Tuesday, August 10, 2010

Term 3: A tale of two terms

I arrived in Grenada with something less than rampant enthusiasm for class. Starting a term at the end of June just felt too much like summer school - even though it is summer weather here all the time. My concentration wasn't where it needed to be and I slept late, played on facebook, and generally didn't get a lot done (adjustment disorder?).
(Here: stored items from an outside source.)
Lemma boundary_uncluster (G : set_system (glue pull)) : ProperFilter G ->
  (forall w, ~ cluster G (inr w : glue pull)) ->
  exists S (Q : set (glue pull)),
    [/\ G S, open Q, (forall w, Q (inr w)) & Q `&` S = set0].
Proof.
move=> PG ncl.
pose P (V : set W) := exists S (Q : set (glue pull)),
  [/\ G S, open Q, V `<=` @inr Y W @^-1` Q & Q `&` S = set0].
suff [S [U [GS oU WU US]]] : P [set: W].
  by exists S, U; split => // w; exact: WU.
apply: compact_local cW _ _ _ _.
- exists setT, set0; split => //; [exact: filterT|exact: open0|exact: set0I].
- move=> V1 V2 [S1 [Q1 [G1 o1 s1 e1]]] [S2 [Q2 [G2 o2 s2 e2]]].
  exists (S1 `&` S2), (Q1 `|` Q2); split; [exact: filterI|exact: openU| |].
    by move=> w [h|h]; [left; exact: s1|right; exact: s2].
  apply/seteqP; split => // p [[Q1p|Q2p] [S1p S2p]].
  + by rewrite -e1.
  + by rewrite -e2.
- by move=> V1 V2 V12 [S [Q [GS oQ s e]]]; exists S, Q; split => //; exact: subset_trans s.
move=> w _.
have [S [N [GS nN SN]]] :
    exists S N, [/\ G S, nbhs (inr w : glue pull) N & S `&` N = set0].
  apply: contrapT => nSN; apply: (ncl w) => S N GS nN; apply: contrapT => hSN.
  by apply: nSN; exists S, N; split => //; apply/seteqP; split => // p Sp; apply: hSN; exists p.
rewrite nbhsE in nN; case: nN => Q [oQ Qw] QN.
exists (@inr Y W @^-1` Q); split.
  by apply: open_nbhs_nbhs; split => //; exact: open_preimage_inr.
exists S, Q; split => //; apply/seteqP; split => // p [Qp Sp].
by rewrite -SN; split => //; exact: QN.
Qed.
(* Let $(\Omega,\sqsubseteq)$ be a poset and $\mathcal{R}:\Omega\to\wp(\Omega)$ satisfy: ($\mathcal{R}$-monotonicity) if $\omega'\sqsubseteq\omega$ then $\mathcal{R}(\omega')\subseteq\mathcal{R}(\omega)$; ($\mathcal{R}$-regularity) $\mathcal{R}(\omega)\in\mathcal{RO}(\Omega,\sqsubseteq)$ for all $\omega$; ($\mathcal{R}$-refinability) if $\nu\in\mathcal{R}(\omega)$ then there is $\omega'\sqsubseteq\omega$ such that for all $\omega''\sqsubseteq\omega'$ there is $\nu'\sqsubseteq\nu$ with $\nu'\in\mathcal{R}(\omega'')$. Then for any $E\in\mathcal{RO}(\Omega,\sqsubseteq)$, we have $\{\omega\in\Omega\mid\mathcal{R}(\omega)\subseteq E\}\in\mathcal{RO}(\Omega,\sqsubseteq)$.
   Context: $\downarrow E=\{\omega\mid\omega\sqsubseteq\nu\text{ for some }\nu\in E\}$; $\rho(E)=\{\omega\mid\forall\omega'\sqsubseteq\omega\ \exists\omega''\sqsubseteq\omega'\colon\omega''\in\downarrow E\}$; $\mathcal{RO}(\Omega,\sqsubseteq)=\{E\subseteq\Omega\mid\rho(E)=E\}$ is the set of regular open sets of the downset topology of $(\Omega,\sqsubseteq)$. *)

Definition is_poset {Omega : Type} (le : Omega -> Omega -> Prop) : Prop :=
  (forall x, le x x) /\
  (forall x y, le x y -> le y x -> x = y) /\
  (forall x y z, le x y -> le y z -> le x z).

Definition downset {Omega : Type} (le : Omega -> Omega -> Prop) (E : Omega -> Prop)
  : Omega -> Prop :=
  fun w => exists v, E v /\ le w v.

Definition rho {Omega : Type} (le : Omega -> Omega -> Prop) (E : Omega -> Prop)
  : Omega -> Prop :=
  fun w => forall w', le w' w -> exists w'', le w'' w' /\ downset le E w''.

Definition regular_open {Omega : Type} (le : Omega -> Omega -> Prop) (E : Omega -> Prop)
  : Prop :=
  forall w, rho le E w <-> E w.


(* Regular open sets and [box R E] are downward closed, so [rho] of such a set
   at [w] says that below every [w'] below [w] lies a point of the set.
   Given [w] in [rho (box R E)] and [v] in [R w], to put [v] in [E = rho E],
   refine any [v'] below [v] (which is in [R w]) to a [w'] below [w]; density
   of [box R E] below [w] gives [w''] below [w'] with [R w''] inside [E], and
   refinability yields a point below [v'] in [R w''], hence in [E]. *)

Definition downward_closed {Omega : Type} (le : Omega -> Omega -> Prop)
  (E : Omega -> Prop) : Prop :=
  forall v v', E v -> le v' v -> E v'.

Definition box {Omega : Type} (R : Omega -> Omega -> Prop) (E : Omega -> Prop)
  : Omega -> Prop :=
  fun w => forall v, R w v -> E v.

Section Preorder.

Variables (Omega : Type) (le : Omega -> Omega -> Prop).
Hypothesis le_refl : forall x, le x x.
Hypothesis le_trans : forall x y z, le x y -> le y z -> le x z.

Lemma rho_subset (E : Omega -> Prop) w : E w -> rho le E w.
Proof.
  intros Ew w' Hw'. exists w'. split; [apply le_refl |].
  exists w. split; assumption.
Qed.

Lemma regular_openI (E : Omega -> Prop) :
  (forall w, rho le E w -> E w) -> regular_open le E.
Proof.
  intros Hrho w. split; [apply Hrho | apply rho_subset].
Qed.

Lemma regular_open_downward_closed (E : Omega -> Prop) :
  regular_open le E -> downward_closed le E.
Proof.
  intros HE v v' Ev Hv'. apply HE. intros u Hu.
  exists u. split; [apply le_refl |].
  exists v. split; [exact Ev | eapply le_trans; eassumption].
Qed.

Lemma rho_downward_closed (E : Omega -> Prop) w :
  downward_closed le E -> rho le E w ->
  forall w', le w' w -> exists w'', le w'' w' /\ E w''.
Proof.
  intros HE Hw w' Hw'.
  destruct (Hw w' Hw') as [w'' [Hw'' [u [Eu Hu]]]].
  exists w''. split; [exact Hw'' | exact (HE u w'' Eu Hu)].
Qed.

Section Box.

Variable R : Omega -> Omega -> Prop.
Hypothesis R_mono : forall w w', le w' w -> forall v, R w' v -> R w v.
Hypothesis R_downward_closed : forall w, downward_closed le (R w).
Hypothesis R_refine : forall w v, R w v ->
  exists w', le w' w /\ forall w'', le w'' w' -> exists v', le v' v /\ R w'' v'.

Lemma box_downward_closed (E : Omega -> Prop) : downward_closed le (box R E).
Proof.
  intros w w' Hw Hw' v Rv. apply Hw. exact (R_mono w w' Hw' v Rv).
Qed.

Lemma rho_box_subset (E : Omega -> Prop) w :
  regular_open le E -> rho le (box R E) w -> box R E w.
Proof.
  intros HE Hw v Rv. apply HE. intros v' Hv'.
  destruct (R_refine w v' (R_downward_closed w v v' Rv Hv')) as [w' [Hw' Hrefine]].
  destruct (rho_downward_closed (box R E) w (box_downward_closed E) Hw w' Hw')
    as [w'' [Hw'' Ew'']].
  destruct (Hrefine w'' Hw'') as [u [Hu Ru]].
  exists u. split; [exact Hu |]. exists u. split; [exact (Ew'' u Ru) | apply le_refl].
Qed.

Lemma regular_open_box (E : Omega -> Prop) :
  regular_open le E -> regular_open le (box R E).
Proof.
  intros HE. apply regular_openI. intro w. exact (rho_box_subset E w HE).
Qed.

End Box.

End Preorder.

Theorem lemma3p10 (Omega : Type) (le : Omega -> Omega -> Prop)
  (Hposet : is_poset le)
  (R : Omega -> Omega -> Prop)
  (* R w is the set R(w); membership ν ∈ R(ω) is [R w v] *)
  (Rmono : forall w w', le w' w -> forall v, R w' v -> R w v)
  (Rreg : forall w, regular_open le (R w))
  (Rrefine : forall w v, R w v ->
     exists w', le w' w /\
       forall w'', le w'' w' -> exists v', le v' v /\ R w'' v')
  (E : Omega -> Prop) (HE : regular_open le E) :
  regular_open le (fun w => forall v, R w v -> E v).
Proof.
  destruct Hposet as [le_refl [_ le_trans]].
  apply (regular_open_box Omega le le_refl R Rmono); [| exact Rrefine | exact HE].
  intro w. exact (regular_open_downward_closed Omega le le_refl le_trans (R w) (Rreg w)).
Qed.
Lemma zsum_minus f g : ex_zsum f -> ex_zsum g -> zsum (fun n => f n - g n) = zsum f - zsum g.
Proof. intros [] []; unfold zsum; rewrite !Series_minus by auto; ring. Qed.

Lemma zsum_scal k f : zsum (fun n => k * f n) = k * zsum f.
Proof. unfold zsum; rewrite !Series_scal_l; ring. Qed.

Lemma Series_ge0 (a : nat -> R) : ex_series a -> (forall n, 0 <= a n) -> 0 <= Series a.
Proof.
  intros Ha H; rewrite <- (Rmult_0_l (Series a)), <- Series_scal_l.
  apply Series_le; auto; intros n; specialize (H n); split; lra.
Qed.

Lemma zsum_ge0 f : ex_zsum f -> (forall n, 0 <= f n) -> 0 <= zsum f.
Proof. intros [Hp Hn] H; apply Rplus_le_le_0_compat; apply Series_ge0; auto. Qed.

Lemma zsum_le f g : ex_zsum f -> ex_zsum g -> (forall n, f n <= g n) -> zsum f <= zsum g.
Proof.
  intros Hf Hg H.
  assert (Hd : 0 <= zsum (fun n => g n - f n))
    by (apply zsum_ge0; [apply ex_zsum_minus|intros n; specialize (H n); lra]; auto).
  rewrite zsum_minus in Hd by auto; lra.
Qed.

(** * Positive and negative parts *)

Lemma Rmax_add_Rmin x : Rmax x 0 + Rmin x 0 = x.
Proof. unfold Rmax, Rmin; destruct (Rle_dec x 0); ring. Qed.

Lemma Rmax_mul_Rmin_ge0 x : 0 <= Rmax x 0 * Rmin x 0.
Proof. unfold Rmax, Rmin; destruct (Rle_dec x 0); lra. Qed.

Lemma fdiff_posp_add_negp u n : fdiff (posp u) n + fdiff (negp u) n = fdiff u n.
Proof.
  unfold fdiff, posp, negp; pose proof (Rmax_add_Rmin (u n)).
  pose proof (Rmax_add_Rmin (u (n + 1)%Z)); lra.
Qed.

Lemma fdiff_posp_mul_negp_ge0 u n : 0 <= fdiff (posp u) n * fdiff (negp u) n.
Proof.
  unfold fdiff, posp, negp, Rmax, Rmin.
  destruct (Rle_dec (u (n + 1)%Z) 0), (Rle_dec (u n) 0); nra.
Qed.

Lemma fdiff_comb u s t n :
  fdiff (fun k => s * posp u k + t * negp u k) n = s * fdiff (posp u) n + t * fdiff (negp u) n.
Proof. unfold fdiff; ring. Qed.

Lemma Rabs_add_same_sign X Y : 0 <= X * Y -> Rabs (X + Y) = Rabs X + Rabs Y.
Proof.
  intros H; destruct (Rcase_abs X), (Rcase_abs Y), (Rcase_abs (X + Y));
    repeat first [rewrite Rabs_left by lra | rewrite Rabs_right by lra]; nra.
Qed.

Lemma Rabs_comb_le s t X Y : 0 <= s -> 0 <= t -> 0 <= X * Y ->
  Rabs (s * X + t * Y) <= (s + t) * Rabs (X + Y).
Proof.
  intros Hs Ht HXY; rewrite (Rabs_add_same_sign X Y HXY).
  eapply Rle_trans; [apply Rabs_triang|]; rewrite !Rabs_mult, (Rabs_right s), (Rabs_right t) by lra.
  pose proof (Rabs_pos X); pose proof (Rabs_pos Y); nra.
Qed.

Lemma pow_even_le m x y : Rabs x <= Rabs y -> x ^ (2 * m) <= y ^ (2 * m).
Proof.
  intros H; rewrite <- (pow_abs_even x), <- (pow_abs_even y).
  apply pow_incr; split; [apply Rabs_pos|exact H].
Qed.

Lemma Rabs_pow_odd_mul_le m x y : (1 <= m)%nat -> Rabs y <= Rabs x ->
  Rabs (x ^ (2 * m - 1) * y) <= x ^ (2 * m).
Proof.
  intros Hm H; rewrite Rabs_mult, <- RPow_abs, <- (pow_abs_even x).
  replace (2 * m)%nat with (S (2 * m - 1)) at 2 by lia; simpl; rewrite Rmult_comm.
  apply Rmult_le_compat_r; [apply pow_le, Rabs_pos|exact H].
Qed.

Lemma fdiff_posp_abs_le u n : Rabs (fdiff (posp u) n) <= Rabs (fdiff u n).
Proof.
  rewrite <- (fdiff_posp_add_negp u n), Rabs_add_same_sign by apply fdiff_posp_mul_negp_ge0.
  pose proof (Rabs_pos (fdiff (negp u) n)); lra.
Qed.

Lemma fdiff_negp_abs_le u n : Rabs (fdiff (negp u) n) <= Rabs (fdiff u n).
Proof.
  rewrite <- (fdiff_posp_add_negp u n), Rabs_add_same_sign by apply fdiff_posp_mul_negp_ge0.
  pose proof (Rabs_pos (fdiff (posp u) n)); lra.
Qed.

Lemma posp_abs_le u n : Rabs (posp u n) <= Rabs (u n).
Proof. unfold posp, Rmax; destruct (Rle_dec (u n) 0); [rewrite Rabs_R0; apply Rabs_pos|lra]. Qed.

Lemma negp_abs_le u n : Rabs (negp u n) <= Rabs (u n).
Proof. unfold negp, Rmin; destruct (Rle_dec (u n) 0); [lra|rewrite Rabs_R0; apply Rabs_pos]. Qed.

Lemma normp_term_ge0 p a b v n : 0 <= a n -> 0 <= b n -> 0 <= normp_term p a b v n.
Proof.
  intros Ha Hb; unfold normp_term.
  apply Rplus_le_le_0_compat; apply Rmult_le_pos; auto; apply rpow_ge0.
Qed.

Lemma normp_term_even m a b v n : (1 <= m)%nat ->
  normp_term (2 * INR m) a b v n = a n * fdiff v n ^ (2 * m) + b n * v n ^ (2 * m).
Proof. intros Hm; unfold normp_term; rewrite !rpow_abs_even by exact Hm; reflexivity. Qed.

Lemma normp_term_comb_le m a b u v s t n : (1 <= m)%nat -> 0 <= a n -> 0 <= b n ->
  0 <= s -> 0 <= t -> (forall k, v k = s * posp u k + t * negp u k) ->
  normp_term (2 * INR m) a b v n <= (s + t) ^ (2 * m) * normp_term (2 * INR m) a b u n.
Proof.
  intros Hm Ha Hb Hs Ht Hv; rewrite !normp_term_even by exact Hm.
  assert (Hd : fdiff v n = s * fdiff (posp u) n + t * fdiff (negp u) n)
    by (unfold fdiff; rewrite !Hv; ring).
  assert (Hdiff : fdiff v n ^ (2 * m) <= (s + t) ^ (2 * m) * fdiff u n ^ (2 * m)).
  { rewrite <- Rpow_mult_distr, Hd, <- (fdiff_posp_add_negp u n); apply pow_even_le.
    rewrite Rabs_mult, (Rabs_right (s + t)) by lra.
    apply Rabs_comb_le, fdiff_posp_mul_negp_ge0; auto. }
  assert (Hval : v n ^ (2 * m) <= (s + t) ^ (2 * m) * u n ^ (2 * m)).
  { rewrite <- Rpow_mult_distr, Hv, <- (Rmax_add_Rmin (u n)); apply pow_even_le.
    rewrite Rabs_mult, (Rabs_right (s + t)) by lra.
    apply Rabs_comb_le, Rmax_mul_Rmin_ge0; auto. }
  apply Rmult_le_compat_l with (r := a n) in Hdiff; auto.
  apply Rmult_le_compat_l with (r := b n) in Hval; auto.
  lra.
Qed.

Definition pairing_term (p : R) (a b u v : Z -> R) (n : Z) : R :=
  a n * rpow (Rabs (fdiff u n)) (p - 2) * fdiff u n * fdiff v n
  + b n * rpow (Rabs (u n)) (p - 2) * u n * v n.

Lemma pairing_term_even m a b u v n : (1 <= m)%nat ->
  pairing_term (2 * INR m) a b u v n
  = a n * (fdiff u n ^ (2 * m - 1) * fdiff v n) + b n * (u n ^ (2 * m - 1) * v n).
Proof.
  intros Hm; unfold pairing_term; rewrite <- !(rpow_abs_even_sub2 _ m Hm); ring.
Qed.

Lemma pairing_term_abs_le m a b u v n : (1 <= m)%nat -> 0 <= a n -> 0 <= b n ->
  Rabs (fdiff v n) <= Rabs (fdiff u n) -> Rabs (v n) <= Rabs (u n) ->
  Rabs (pairing_term (2 * INR m) a b u v n) <= normp_term (2 * INR m) a b u n.
Proof.
  intros Hm Ha Hb Hd Hv; rewrite pairing_term_even, normp_term_even by exact Hm.
  eapply Rle_trans; [apply Rabs_triang|].
  rewrite (Rabs_mult (a n)), (Rabs_mult (b n)), (Rabs_right (a n)), (Rabs_right (b n)) by lra.
  apply Rplus_le_compat; apply Rmult_le_compat_l; auto; apply Rabs_pow_odd_mul_le; auto.
Qed.

Lemma log_pairing_Rmax_abs_le q r cn y :
  Rabs (log_pairing q r cn y (Rmax y 0)) <= Rabs (log_energy q r cn y).
Proof.
  unfold Rmax; destruct (Rle_dec y 0).
  - rewrite log_pairing_0_r, Rabs_R0; apply Rabs_pos.
  - rewrite log_pairing_diag; lra.
Qed.

Lemma log_pairing_Rmin_abs_le q r cn y :
  Rabs (log_pairing q r cn y (Rmin y 0)) <= Rabs (log_energy q r cn y).
Proof.
  unfold Rmin; destruct (Rle_dec y 0).
  - rewrite log_pairing_diag; lra.
  - rewrite log_pairing_0_r, Rabs_R0; apply Rabs_pos.
Qed.

Lemma c_pow_comb_le q cn s t y : 0 <= q -> 0 <= cn -> 0 <= s -> 0 <= t ->
  cn * rpow (Rabs (s * Rmax y 0 + t * Rmin y 0)) q <= rpow (s + t) q * (cn * rpow (Rabs y) q).
Proof.
  intros Hq Hc Hs Ht.
  assert (H : Rabs (s * Rmax y 0 + t * Rmin y 0) <= (s + t) * Rabs y).
  { destruct (comb_pos_neg_cases s t y) as [[-> _]|[-> _]];
      rewrite Rabs_mult, Rabs_right by lra; pose proof (Rabs_pos y); nra. }
  apply (fun H => rpow_le q _ _ Hq (conj (Rabs_pos _) H)) in H.
  rewrite rpow_mult in H by (try apply Rabs_pos; lra).
  rewrite <- Rmult_assoc, (Rmult_comm _ cn), Rmult_assoc; apply Rmult_le_compat_l; auto.
Qed.

Lemma log_energy_scale_abs_le q r cn l y : 0 <= cn -> 0 <= l ->
  Rabs (log_energy q r cn (l * y))
  <= rpow l q * (Rabs (r * ln l) + 1) * (cn * rpow (Rabs y) q + Rabs (log_energy q r cn y)).
Proof.
  intros Hc Hl.
  assert (HC : 0 <= cn * rpow (Rabs y) q) by (apply Rmult_le_pos; auto; apply rpow_ge0).
  pose proof (Rabs_pos (r * ln l)); pose proof (Rabs_pos (log_energy q r cn y)).
  pose proof (rpow_ge0 l q).
  assert (0 <= rpow l q * (Rabs (r * ln l) + 1)
               * (cn * rpow (Rabs y) q + Rabs (log_energy q r cn y)))
    by (apply Rmult_le_pos; [apply Rmult_le_pos|]; lra).
  destruct (Rle_lt_or_eq_dec 0 l Hl) as [Hl0|Hl0];
    [|rewrite <- Hl0 at 1; rewrite Rmult_0_l, log_energy_0, Rabs_R0; lra].
  destruct (Req_EM_T y 0) as [Hy|Hy];
    [rewrite Hy at 1; rewrite Rmult_0_r, log_energy_0, Rabs_R0; lra|].
  rewrite log_energy_scale, Rabs_mult, (Rabs_right (rpow l q)), (Rmult_assoc (rpow l q))
    by (auto; lra).
  apply Rmult_le_compat_l; [lra|].
  eapply Rle_trans; [apply Rabs_triang|].
  rewrite Rabs_mult, (Rabs_right (cn * rpow (Rabs y) q)) by lra.
  nra.
Qed.

Lemma log_energy_comb_abs_le q r cn s t y : 0 <= cn -> 0 <= s -> 0 <= t ->
  Rabs (log_energy q r cn (s * Rmax y 0 + t * Rmin y 0))
  <= (rpow s q * (Rabs (r * ln s) + 1) + rpow t q * (Rabs (r * ln t) + 1))
     * (cn * rpow (Rabs y) q + Rabs (log_energy q r cn y)).
Proof.
  intros Hc Hs Ht.
  assert (0 <= cn * rpow (Rabs y) q + Rabs (log_energy q r cn y))
    by (pose proof (Rabs_pos (log_energy q r cn y));
        assert (0 <= cn * rpow (Rabs y) q) by (apply Rmult_le_pos; auto; apply rpow_ge0); lra).
  assert (Ks : 0 <= rpow s q * (Rabs (r * ln s) + 1))
    by (apply Rmult_le_pos; [apply rpow_ge0|pose proof (Rabs_pos (r * ln s)); lra]).
  assert (Kt : 0 <= rpow t q * (Rabs (r * ln t) + 1))
    by (apply Rmult_le_pos; [apply rpow_ge0|pose proof (Rabs_pos (r * ln t)); lra]).
  destruct (comb_pos_neg_cases s t y) as [[-> _]|[-> _]];
    [pose proof (log_energy_scale_abs_le q r cn s y Hc Hs)
    |pose proof (log_energy_scale_abs_le q r cn t y Hc Ht)]; nra.
Qed.

(* For [|y| <= e] the weight [c <= c0 <= (c0 / b0) b] and [|y|^(q - p) <= e^(q - p)] give the
   first term; for [|y| > e] the logarithm [ln |y|^r] exceeds [1]. *)
Lemma c_pow_le_log_energy q r p cn c0 bn b0 N y : 0 < b0 -> b0 <= bn -> 0 <= cn -> cn <= c0 ->
  1 <= r -> 0 < p -> p < q -> bn * rpow (Rabs y) p <= N ->
  cn * rpow (Rabs y) q <= rpow (exp 1) (q - p) * c0 / b0 * N + Rabs (log_energy q r cn y).
Proof.
  intros Hb0 Hbn Hc Hc0 Hr Hp Hpq HN.
  pose proof (Rabs_pos (log_energy q r cn y)).
  assert (HK : 0 <= rpow (exp 1) (q - p) * c0 / b0)
    by (apply Rdiv_le_0_compat; [apply Rmult_le_pos; [apply rpow_ge0|]|]; lra).
  assert (HN0 : 0 <= N) by (pose proof (rpow_ge0 (Rabs y) p); nra).
  destruct (Req_EM_T y 0) as [->|Hy].
  { rewrite Rabs_R0, rpow_0, Rmult_0_r; nra. }
  assert (HA : 0 < Rabs y) by (apply Rabs_pos_lt; auto).
  destruct (Rle_dec (Rabs y) (exp 1)) as [Hle|Hgt].
  - pose proof (rpow_ge0 (Rabs y) (q - p)); pose proof (rpow_ge0 (Rabs y) p).
    assert (Hyp : rpow (Rabs y) p <= N / b0) by (apply Rle_div_r; nra).
    assert (Hyq : rpow (Rabs y) (q - p) <= rpow (exp 1) (q - p)) by (apply rpow_le; lra).
    replace (rpow (Rabs y) q) with (rpow (Rabs y) (q - p) * rpow (Rabs y) p)
      by (rewrite !rpow_pos, <- Rpower_plus by auto; f_equal; ring).
    replace (rpow (exp 1) (q - p) * c0 / b0 * N) with (c0 * (rpow (exp 1) (q - p) * (N / b0)))
      by (field; lra).
    assert (cn * (rpow (Rabs y) (q - p) * rpow (Rabs y) p)
            <= c0 * (rpow (exp 1) (q - p) * (N / b0)))
      by (apply Rmult_le_compat; auto; [apply Rmult_le_pos|apply Rmult_le_compat]; auto).
    lra.
  - assert (Hln : 1 <= ln (rpow (Rabs y) r)).
    { rewrite ln_rpow by auto.
      assert (1 < ln (Rabs y))
        by (rewrite <- (ln_exp 1) at 1; apply ln_increasing; [apply exp_pos|lra]).
      nra. }
    assert (0 <= cn * rpow (Rabs y) q) by (apply Rmult_le_pos; auto; apply rpow_ge0).
    assert (cn * rpow (Rabs y) q <= Rabs (log_energy q r cn y)).
    { unfold log_energy; destruct (Req_EM_T y 0) as [|_]; [contradiction|].
      rewrite (Rabs_right (cn * rpow (Rabs y) q * ln (rpow (Rabs y) r)))
        by (apply Rle_ge, Rmult_le_pos; lra).
      nra. }
    nra.
Qed.

(** * The pointwise deficit *)

Definition energy_density (p q r : R) (a b c u : Z -> R) (n : Z) : R :=
  / p * normp_term p a b u n + r / q ^ 2 * (c n * rpow (Rabs (u n)) q) - / q * logterm q r c u n.

Lemma rpow_normE p a b v : 0 < p -> (forall n, 0 <= a n) -> (forall n, 0 <= b n) ->
  ex_zsum (normp_term p a b v) -> rpow (normE p a b v) p = zsum (normp_term p a b v).
Proof.
  intros Hp Ha Hb Hv; unfold normE; apply rpow_rpow_inv; [|exact Hp].
  apply zsum_ge0; [exact Hv|intros; apply normp_term_ge0; auto].
Qed.

Lemma Ifun_zsum p q r a b c v : 0 < p -> (forall n, 0 <= a n) -> (forall n, 0 <= b n) ->
  ex_zsum (normp_term p a b v) -> ex_zsum (fun n => c n * rpow (Rabs (v n)) q) ->
  ex_zsum (logterm q r c v) ->
  Ifun p q r a b c v = zsum (energy_density p q r a b c v).
Proof.
  intros Hp Ha Hb HN HC HL; unfold Ifun, energy_density.
  rewrite rpow_normE by auto.
  rewrite <- !zsum_scal, <- zsum_plus, <- zsum_minus
    by (try apply ex_zsum_plus; apply ex_zsum_scal; auto).
  reflexivity.
Qed.
Lemma Tfun_perspective (R : realType) (phi : R -> R) (A N : R) : A + 1 != 0 ->
  Tfun phi A N = (A + 1) * (N / (A + 1) * inv_intR phi (N / (A + 1))).
Proof. by move=> A1; rewrite /Tfun -/(inv_intR _ _); field. Qed.

Unset Implicit Arguments. Set Strict Implicit.

Theorem mainTheorem6 (R : realType) (phi : R -> R)
  (phi_pos : forall s : R, 0 < s <= 1 -> 0 < phi s)
  (phi_der : forall s : R, 0 < s < 1 -> derivable phi s 1)
  (phi_der1 : cvg ((fun h : R => h^-1 * (phi (h + 1) - phi 1)) @ 0^'-))
  (phi_int : (inv_int phi 1 < +oo)%E)
  (phi_log : forall s : R, 0 < s < 1 -> (derive1 phi s) / phi s <= 2 / s) :
  forall (A1 N1 A2 N2 t : R),
    0 <= A1 <= 1 -> 0 <= N1 <= 1 -> 0 <= A2 <= 1 -> 0 <= N2 <= 1 ->
    0 <= t <= 1 ->
    Tfun phi (t * A1 + (1 - t) * A2) (t * N1 + (1 - t) * N2)
      <= t * Tfun phi A1 N1 + (1 - t) * Tfun phi A2 N2.
Proof.
move=> A1 N1 A2 N2 t /andP[A1_ge0 _] N1_01 /andP[A2_ge0 _] N2_01 t01.
have shift_gt0 (A : R) : 0 <= A -> 0 < A + 1 by move=> ?; lra.
have ratio01 (A N : R) : 0 <= A -> 0 <= N <= 1 -> N / (A + 1) \in `[0, 1].
  move=> A0 /andP[N0 N_le1]; have A_gt0 := shift_gt0 A A0.
  by rewrite in_itv /= divr_ge0 ?(ltW A_gt0) //= ler_pdivrMr // mul1r; lra.
have A_ge0 : 0 <= t * A1 + (1 - t) * A2 by move: t01 => /andP[? ?]; nra.
rewrite !Tfun_perspective ?gt_eqF ?shift_gt0 //.
have -> : t * A1 + (1 - t) * A2 + 1 = t * (A1 + 1) + (1 - t) * (A2 + 1) by ring.
exact: convex_on_perspective (mul_inv_intR_convex phi_pos phi_der phi_der1 phi_int phi_log)
  (shift_gt0 _ A1_ge0) (shift_gt0 _ A2_ge0) (ratio01 _ _ A1_ge0 N1_01)
  (ratio01 _ _ A2_ge0 N2_01) t01.
Qed.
Given this, I got the grade I deserved on the midterm... :/

Then another deadline crept up on me: my Review paper was due August 1 (more details about this later). For a long time I've wanted to switch to a morning schedule, but have always stayed up until around 12-1 and woken up 8-9, despite knowing my best studying is in the morning.
So I decided to use this to get it done - I started waking up progressively earlier over the course of the week. Putting the alarm clock in the other room helped and leaving the shades open helped with this. Once awake and after exercising, I would then go to campus to write the paper in free AC. This was a tough adjustment at first and I had to force myself to bed initially. For those considering such a switch you have to really plug through the first two weeks and do it gradually.
But by the end of week 1 I was waking around 6:30-7:30 (compared to 9am before). After another two weeks of this I am on a 6am schedule (as evidenced by writing a blogpost at 7:15am). Wake up, workout, make breakfast, pack my lunch and hit the books usually by 7:30 (when not blogging).
Another impetus was that the Term 4 Pathology class lectures will not be recorded online (audio only, no slides) - so going to class is now quasi-mandatory. Combined with the rampant rumors that Path is insanely difficult, that certainly helped.

My second exam was my highest score at SGU. Maybe the material was more interesting or I took it more seriously to avert a GPA disaster... regardless, I study more and feel better from waking up early and exercising. I hope I can keep this going for Term 4 and keep my brain and body tuned through Step 1.

Anyone else have stories of exercise/sleep schedules helping them in med school?